According to the median level (53.2%) of B2R expression on CD34-positive cells, the patients were divided into two groups: low B2R (≤53.2%, n = 87) and high B2R group (>53.2%, n = 87). Detailed characteristics of the patients are listed in Table 1. The age, biochemical data, degree of coronary artery stenosis, and drug therapy were matched. WBC counts were associated with high B2R expression on CD34-positive cells (P < 0.001).

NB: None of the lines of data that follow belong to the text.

Section Spheres.
Variables (R : realType) (V : finType).

Definition in_sphere (S : {set V}) (x : V -> R) : Prop :=
  (forall v, v \in S -> 0 <= x v <= 1) /\
  exists2 v, v \in S & x v = 0 \/ x v = 1.

Lemma RZ_bdry_vertE (S : {set V}) (x : V -> R) :
  RZ R (bdry_simplex [set: vert S]) (fun a => x (val a)) <-> in_sphere S x.
Proof.
split.
  case=> s; rewrite inE properT => sT xs.
  have /fintype.subsetPn[a _ an] : ~~ ([set: vert S] \subset s).
    by rewrite finset.subTset.
  split; last by exists (val a); [exact: valP | exact: (xs a).2].
  move=> v vS; have [/(_ _)/= x01 x0or1] := xs (exist _ v vS).
  case: (boolP (exist _ v vS \in s)) => [/x01 //| /x0or1].
  by case=> ->; rewrite ?lexx ?ler01.
case=> x01 [v vS xv]; exists [set~ (exist _ v vS : vert S)].
  rewrite inE properT; apply/eqP => /setP /(_ (exist _ v vS)).
  by rewrite !inE eqxx.
move=> a; split=> [_|]; first exact/x01/valP.
by rewrite !inE negbK => /eqP ->.
Qed.

Variables (r : nat) (A : 'I_r -> {set V}).
Hypothesis A_disjoint : forall i j, i != j -> [disjoint A i & A j]%B.
Hypothesis A_cover : (\bigcup_(i < r) A i = [set: V])%SET.

Lemma mem_cover v : exists i, v \in A i.
Proof.
have : v \in [set: V] by rewrite finset.in_setT.
by rewrite -A_cover => /bigcupP[i _ vi]; exists i.
Qed.

Lemma RZ_join_bdryE (x : V -> R) :
  RZ R (join_bdry A) x <-> forall i, in_sphere (A i) x.
Proof.
split.
  case=> s /mem_join_bdry[f [fA ->]] xs i.
  have [_ [a ai afi]] := properP (fA i).
  have aU : a \notin (\bigcup_(j < r) f j)%SET.
    apply/bigcupP => -[j _ afj]; have [ij|ij] := eqVneq i j.
      by rewrite -ij (negbTE afi) in afj.
    have /fintype.subsetP/(_ _ afj) aj := proper_sub (fA j).
    by rewrite (disjointFl (A_disjoint ij) aj) in ai.
  split; last by exists a => //; exact: (xs a).2 aU.
  move=> v _; case: (boolP (v \in (\bigcup_(j < r) f j)%SET)).
    exact: (xs v).1.
  by case/(xs v).2 => ->; rewrite ?lexx ?ler01.
move=> xS; exists (\bigcup_(i < r) [set v in A i | 0 < x v < 1])%SET.
  apply/mem_join_bdry; eexists; split; last reflexivity.
  move=> i; apply/properP; split.
    by apply/fintype.subsetP => v; rewrite inE => /andP[].
  have [v vi xv] := (xS i).2; exists v => //.
  by rewrite inE vi; case: xv => ->; rewrite ?ltxx ?andbF.
move=> v; split.
  by case/bigcupP => j _; rewrite inE => /andP[vj _]; exact: (xS j).1.
have [j vj] := mem_cover v; have /andP[x0 x1] := (xS j).1 v vj.
move=> vn; have : ~~ (0 < x v < 1).
  by apply: contra vn => xv; apply/bigcupP; exists j; rewrite // inE vj.
rewrite !lt_neqAle x0 x1 !andbT negb_and !negbK.
by case/orP => /eqP; [left | right].
Qed.

End Spheres.

Section Clamp.
Variable R : realDomainType.

Definition clamp01 (u : R) : R := Num.max 0 (Num.min 1 u).

Lemma clamp01_in01 u : 0 <= clamp01 u <= 1.
Proof. by rewrite /clamp01 le_max lexx ge_max ler01 ge_min lexx. Qed.

Lemma clamp01_le0 u : u <= 0 -> clamp01 u = 0.
Proof. by move=> u0; rewrite /clamp01 max_l // ge_min u0 orbT. Qed.

Lemma clamp01_ge1 u : 1 <= u -> clamp01 u = 1.
Proof. by move=> u1; rewrite /clamp01 min_l // max_r // ler01. Qed.

Lemma clamp01_id u : 0 <= u <= 1 -> clamp01 u = u.
Proof. by case/andP => u0 u1; rewrite /clamp01 min_r // max_r. Qed.

End Clamp.

Section BlockDeformation.
Variables (R : realType) (V : finType) (r : nat) (A : 'I_r -> {set V}).

Definition block (v : V) : {set V} := (\bigcup_(j < r | v \in A j) A j)%SET.

Definition block_min (x : V -> R) (v : V) : R :=
  \big[Num.min/1]_(w in block v) x w.

Definition deform_shift (t : R) (x : V -> R) (v : V) : R :=
  (1 - t) * (1 - block_min x v).

(* At time t every coordinate of a block is moved by the clamped affine map
   u |-> (1 + 2s)(u - s), s = (1 - t)(1 - m), m the minimum over the block.
   It fixes 0; it keeps 1 at 1 while s <= 1/2, and pushes the block minimum
   to 0 once s > 1/2, so each sphere factor stays in its sphere.  At t = 0 a
   block containing a 0 has m = 0, s = 1 and collapses to the basepoint. *)
Definition deform (t : R) (x : V -> R) (v : V) : R :=
  clamp01 ((1 + 2 * deform_shift t x v) * (x v - deform_shift t x v)).

Lemma block_min_le1 x v : block_min x v <= 1.
Proof.
rewrite /block_min; elim/big_rec: _ => [|w y _ y1]; first exact: lexx.
by rewrite ge_min y1 orbT.
Qed.

Lemma block_min_le x v w : w \in block v -> block_min x v <= x w.
Proof. by move=> wv; rewrite /block_min (bigD1 w) //= ge_min lexx. Qed.

Lemma block_min_ge0 x v :
  (forall w, w \in block v -> 0 <= x w) -> 0 <= block_min x v.
Proof.
move=> x0; rewrite /block_min; apply: (big_ind (fun y => 0 <= y)) => //.
by move=> a b a0 b0; rewrite le_min a0 b0.
Qed.

Lemma block_min_attained x v :
  block_min x v = 1 \/ exists2 w, w \in block v & block_min x v = x w.
Proof.
rewrite /block_min.
apply: (big_ind (fun y => y = 1 \/ exists2 w, w \in block v & y = x w)).
- by left.
- by move=> a b ha hb; case: leP.
- by move=> w wv; right; exists w.
Qed.

Lemma deform_shift_ge0 t x v : t <= 1 -> 0 <= deform_shift t x v.
Proof.
by move=> t1; rewrite /deform_shift mulr_ge0 // subr_ge0 ?block_min_le1.
Qed.

Lemma deform1 x v : 0 <= x v <= 1 -> deform 1 x v = x v.
Proof.
move=> x01; rewrite /deform /deform_shift subrr mul0r mulr0 addr0 subr0 mul1r.
exact: clamp01_id.
Qed.

Lemma deform_fix0 t x v : t <= 1 -> x v = 0 -> deform t x v = 0.
Proof.
move=> t1 xv; rewrite /deform xv; apply: clamp01_le0.
have := deform_shift_ge0 x v t1; set s := deform_shift _ _ _ => s0; nra.
Qed.

Hypothesis A_disjoint : forall i j, i != j -> [disjoint A i & A j]%B.

Lemma blockE i v : v \in A i -> block v = A i.
Proof.
move=> vi; apply/setP => w; apply/bigcupP/idP => [[j vj wj]|wi]; last first.
  by exists i.
have [->//|ij] := eqVneq i j.
by rewrite (disjointFr (A_disjoint ij) vi) in vj.
Qed.

Lemma deform0_collapse i x v w :
  v \in A i -> w \in A i -> x w = 0 ->
  (forall u, u \in A i -> 0 <= x u <= 1) -> deform 0 x v = 0.
Proof.
move=> vi wi xw x01.
have m0 : block_min x v = 0.
  apply/eqP; rewrite eq_le -{1}xw block_min_le ?(blockE vi) //=.
  by apply: block_min_ge0 => u; rewrite (blockE vi) => /x01/andP[].
rewrite /deform /deform_shift m0 !subr0 !mul1r; apply: clamp01_le0.
by have /andP[_ xv1] := x01 v vi; lra.
Qed.

Lemma deform_in_sphere t x i :
  0 <= t <= 1 -> in_sphere (A i) x -> in_sphere (A i) (deform t x).
Proof.
case/andP=> t0 t1 [x01 [w wi xw]]; split=> [v _|]; first exact: clamp01_in01.
case: xw => xw; first by exists w => //; left; exact: deform_fix0.
have m1 := block_min_le1 x w; have s0 := deform_shift_ge0 x w t1.
have sm : deform_shift t x w <= 1 - block_min x w.
  by rewrite /deform_shift; nra.
have [sle|sgt] := lerP (deform_shift t x w) (1 / 2).
  exists w => //; right; rewrite /deform xw; apply: clamp01_ge1.
  by set s := deform_shift _ _ _ in s0 sle *; nra.
case: (block_min_attained x w) => [mw|[b bw mb]].
  by move: sgt; rewrite /deform_shift mw subrr mulr0; lra.
rewrite (blockE wi) in bw; exists b => //; left; rewrite /deform.
have -> : deform_shift t x b = deform_shift t x w.
  by rewrite /deform_shift /block_min (blockE wi) (blockE bw).
apply: clamp01_le0; rewrite -mb.
set s := deform_shift _ _ _ in s0 sgt sm *.
by set m := block_min _ _ in sm *; nra.
Qed.

End BlockDeformation.

Local Open Scope classical_set_scope.

Section Continuity.
Variables (R : realType) (T : topologicalType).

Lemma continuous_bigmin (I : Type) (s : seq I) (P : pred I)
    (F : I -> T -> R) :
  (forall i, continuous (F i)) ->
  continuous (fun q => \big[Num.min/1%R]_(i <- s | P i) F i q).
Proof.
move=> cF; apply: continuous_big => // -[a b].
by apply: continuous_min; [exact: cvg_fst | exact: cvg_snd].
Qed.

Lemma continuous_clamp01 (f : T -> R) :
  continuous f -> continuous (fun q => clamp01 (f q)).
Proof.
move=> cf q.
apply: (@continuous_max R T (fun=> 0%R) (fun q => Num.min 1%R (f q))).
  exact: cst_continuous.
by apply: (@continuous_min R T (fun=> 1%R) f);
  [exact: cst_continuous | exact: cf].
Qed.

Lemma continuous_ptws (V : finType) (f : T -> {ptws V -> R}) :
  (forall v, continuous (fun q => f q v)) -> continuous f.
Proof.
move=> cf q; apply/cvg_sup => v; apply/cvg_image.
  by rewrite eqEsubset; split => y // _; exists (fun=> y).
move=> B /= Bv; exists ((fun g : {ptws V -> R} => g v) @^-1` B).
  exact: cf.
by rewrite image_preimage // eqEsubset; split => y // _; exists (fun=> y).
Qed.

End Continuity.

Lemma continuous_eval (R : realType) (V : finType) (v : V) :
  continuous (fun f : {ptws V -> R} => f v).
Proof. exact: (@proj_continuous V (fun=> R) v). Qed.

Lemma continuous_deform (R : realType) (V : finType) (r : nat)
    (A : 'I_r -> {set V}) (T : topologicalType)
    (t : T -> R) (x : T -> {ptws V -> R}) :
  continuous t -> continuous x ->
  continuous (fun q => deform A (t q) (x q) : {ptws V -> R}).
Proof.
move=> ct cx; have cxv w : continuous (fun q => x q w).
  by move=> q; exact: (continuous_comp (cx q) (@continuous_eval R V w (x q))).
have cst (c : R) : continuous (fun _ : T => c) := @cst_continuous T R c.
apply: continuous_ptws => v.
have cs : continuous (fun q => deform_shift A (t q) (x q) v).
  move=> q; apply: cvgM; first by apply: cvgB; [exact: cst | exact: ct].
  by apply: cvgB; [exact: cst | exact: continuous_bigmin].
apply: continuous_clamp01 => q.
apply: cvgM.
  by apply: cvgD; [exact: cst | apply: cvgM; [exact: cst | exact: cs]].
by apply: cvgB; [exact: cxv | exact: cs].
Qed.

Lemma inclusion_homotopy_equivalence (R : realType) (X : topologicalType)
    (A B : set X) (H : R * X -> X) :
  A `<=` B -> continuous H ->
  (forall t x, (0 <= t <= 1)%R -> A x -> A (H (t, x))) ->
  (forall t x, (0 <= t <= 1)%R -> B x -> B (H (t, x))) ->
  (forall x, B x -> A (H (0%R, x))) ->
  (forall x, B x -> H (1%R, x) = x) ->
  homotopy_equivalence_on R A B id.
Proof.
move=> AB cH HA HB H0A H1.
have cH0 : continuous (fun x => H (0%R, x)).
  move=> x; apply: (@continuous_comp _ _ _ (fun y : X => (0%R, y)) H).
    exact: (@cvg_pair _ _ _ _ (nbhs (0%R : R)) (nbhs x) _ _ _ (fun=> 0%R) id
      (cvg_cst _) cvg_id).
  exact: cH.
split => //; first by apply: continuous_subspaceT => x; exact: cvg_id.
exists (fun x => H (0%R, x)); split => //; first exact: continuous_subspaceT.
- by exists H; split => // [|x /AB]; [exact: continuous_subspaceT | exact: H1].
- by exists H; split => //; exact: continuous_subspaceT.
Qed.

Lemma RZfw_pred_card (R : realType) (V : finType) (K : {set {set V}}) :
  (0 < #|V|)%N ->
  RZfw R K #|V|.-1 = RZ R K `&` [set x | exists v, x v = 0%R].
Proof.
move=> V_gt0; rewrite /RZfw; have -> : (#|V| - #|V|.-1 = 1)%N.
  by case: #|V| V_gt0 => // n _; rewrite subSnn.
apply/seteqP; split => x [Kx x0]; split => //.
  by case/card_gt0P: x0 => v; rewrite inE => /eqP; exists v.
by case: x0 => v xv; apply/card_gt0P; exists v; rewrite inE /= xv.
Qed.

Section FatWedgeRetraction.
Variables (R : realType) (V : finType) (r : nat) (A : 'I_r -> {set V}).
Hypothesis A_neq0 : forall i, A i != finset.set0.
Hypothesis A_disjoint : forall i j, i != j -> [disjoint A i & A j]%B.
Hypothesis A_cover : (\bigcup_(i < r) A i = [set: V])%SET.

(* RZ_L^{n-1}, by RZfw_pred_card. *)
Let RZ0 := RZ R (join_bdry A) `&` [set x | exists v, x v = 0].

Lemma fat_wedge_sub : fat_wedge R A `<=` RZ0.
Proof.
move=> x [Lx [i xi]]; split=> //.
by have /finset.set0Pn[v vi] := A_neq0 i; exists v; exact: xi.
Qed.

Lemma deform_RZ t x : 0 <= t <= 1 -> RZ R (join_bdry A) x ->
  RZ R (join_bdry A) (deform A t x).
Proof.
move=> t01 /(RZ_join_bdryE A_disjoint A_cover) xS.
by apply/(RZ_join_bdryE A_disjoint A_cover) => i; exact: deform_in_sphere.
Qed.

Lemma deform_fat_wedge t x : 0 <= t <= 1 -> fat_wedge R A x ->
  fat_wedge R A (deform A t x).
Proof.
move=> t01 [Lx [i xi]]; split; first exact: deform_RZ.
by exists i => v vi; apply: deform_fix0; [case/andP: t01 | exact: xi].
Qed.

Lemma deform_RZ0 t x : 0 <= t <= 1 -> RZ0 x -> RZ0 (deform A t x).
Proof.
move=> t01 [Lx [v xv]]; split; first exact: deform_RZ.
by exists v; apply: deform_fix0 => //; case/andP: t01.
Qed.

Lemma deform0_fat_wedge x : RZ0 x -> fat_wedge R A (deform A 0 x).
Proof.
move=> [Lx [w xw]]; split; first by apply: deform_RZ; rewrite // lexx ler01.
have [i wi] := mem_cover A_cover w; exists i => v vi.
have /(RZ_join_bdryE A_disjoint A_cover)/(_ i) [x01 _] := Lx.
exact: deform0_collapse vi wi xw x01.
Qed.

Lemma deform1_RZ x : RZ R (join_bdry A) x -> deform A 1 x = x.
Proof.
move=> /(RZ_join_bdryE A_disjoint A_cover) xS; apply/funext => v.
have [i vi] := mem_cover A_cover v; exact/deform1/(xS i).1.
Qed.

End FatWedgeRetraction.

Theorem lemma4p3 (R : realType) (V : finType) (r : nat)
  (A : 'I_r -> {set V}) :
  (0 < r)%N ->
  (forall i, A i != finset.set0) ->
  (forall i j, i != j -> [disjoint A i & A j]%B) ->
  (\bigcup_(i < r) A i = [set: V])%SET ->
  RZ R (join_bdry A) =
    [set x : {ptws V -> R} | forall i : 'I_r,
       RZ R (bdry_simplex [set: vert (A i)]) (fun a => x (val a))]
  /\
  homotopy_equivalence_on R (fat_wedge R A)
    (RZfw R (join_bdry A) (\sum_(i < r) #|A i|).-1) id.
Proof.
move=> r_gt0 A_neq0 A_disjoint A_cover.
split.
  have RZE := RZ_join_bdryE A_disjoint A_cover.
  apply/seteqP; split=> x /=.
    by move/RZE => xS i; exact/RZ_bdry_vertE.
  by move=> xS; apply/RZE => i; exact/RZ_bdry_vertE.
have cardV : (\sum_(i < r) #|A i|)%N = #|V|.
  by rewrite -card_bigcup_disjoint // A_cover cardsT.
have V_gt0 : (0 < #|V|)%N.
  have /finset.set0Pn[v _] := A_neq0 (Ordinal r_gt0).
  by apply/card_gt0P; exists v.
rewrite cardV RZfw_pred_card //.
apply: (inclusion_homotopy_equivalence
         (H := fun p : R * {ptws V -> R} => deform A p.1 p.2 : {ptws V -> R})).
- exact: fat_wedge_sub.
- by apply: continuous_deform => p; [exact: cvg_fst | exact: cvg_snd].
- by move=> t x; exact: deform_fat_wedge.
- by move=> t x; exact: deform_RZ0.
- by move=> x; exact: deform0_fat_wedge.
- by move=> x [Lx _]; exact: deform1_RZ.
Qed.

The influence of clinical properties was further analyzed by multivariate analyses.

Table 1.

Baseline characteristics of myocardial infarction patients.

	Patients (n = 174)		P
	Low B2R (n = 87)	High B2R (n = 87)	P
Sex (M/F)	68/19	70/17	0.500
Age (y)	69 ± 10	69 ± 11	0.718
WBC	7.2 ± 2.0	9.5 ± 3.9	<0.001
RBC	4.4 ± 0.5	4.5 ± 0.6	0.284
HB	133 ± 17	134 ± 17	0.972
Gensini score	81 ± 16	86 ± 23	0.684
B2R expression (%)	31.1 ± 4.6	76.5 ± 9.3	0.617
VEGF (pg/mL)	67 ± 12	145 ± 27	<0.001
cTnI	6.2 ± 2.7	14.0 ± 7.6	0.109
TC	4.3 ± 1.0	4.3 ± 1.2	0.058
TG	1.4 ± 0.7	1.3 ± 0.6	0.594
LDL	2.6 ± 0.8	2.7 ± 0.9	0.134
HDL	1.1 ± 0.2	1.1 ± 0.4	0.082
eGFR	78 ± 30	76 ± 34	0.775
Smoking, n (%)	26 (29.9)	17 (19.5)	0.080
HP, n (%)	71 (81.6)	65 (74.7)	0.180
DM, n (%)	26 (29.9)	26 (29.9)	NS
LM, n (%)	3 (3.4)	9 (10.3)	0.132
LAD, n (%)	53 (60.9)	58 (66.7)	0.528
LCX, n (%)	39 (44.8)	39 (44.8)	NS
RCA, n (%)	38 (43.7)	42 (48.3)	0.648
PCI, n (%)	53 (60.9)	59 (67.8)	0.429
Aspirin, n (%)	82 (94.3)	83 (95.4)	NS
Betaloc, n (%)	64 (73.6)	65 (74.7)	NS
ACEI/ARB, n (%)	49 (56.3)	48 (55.2)	NS
Statin, n (%)	76 (87.4)	79 (90.8)	0.628
LMWH, n (%)	45 (51.7)	52 (59.8)	0.360
Clopidogrel, n (%)	55 (63.2)	65 (74.7)	0.140

Open in a new tab

WBC: white blood cell (∗10⁹/L); HB: hemoglobin (g/L); Neutrophil: ∗10⁹/L; cTnI: cardiac troponin I (ng/mL); RBC: red blood cell (∗10¹²/L); TC: total cholesterol (mmol/L); TG: triglyceride (mmol/L); LDL: low-density lipoprotein (mmol/L); HDL: high-density lipoprotein (mmol/L); eGFR: estimate glomerular filtration rate (mL/min/1.73m²); HP: hypertension; DM: diabetes mellitus; LM: Left Main Artery; LAD: left anterior descending branch; LCX: Left Circumflex Artery; RCA: right coronary artery; PCI: percutaneous coronary intervention; ACEI/ARB: angiotensin-converting enzyme inhibitors/angiotensin receptor blocker; LMWH: low molecular weight heparins; NS: P = 1.000.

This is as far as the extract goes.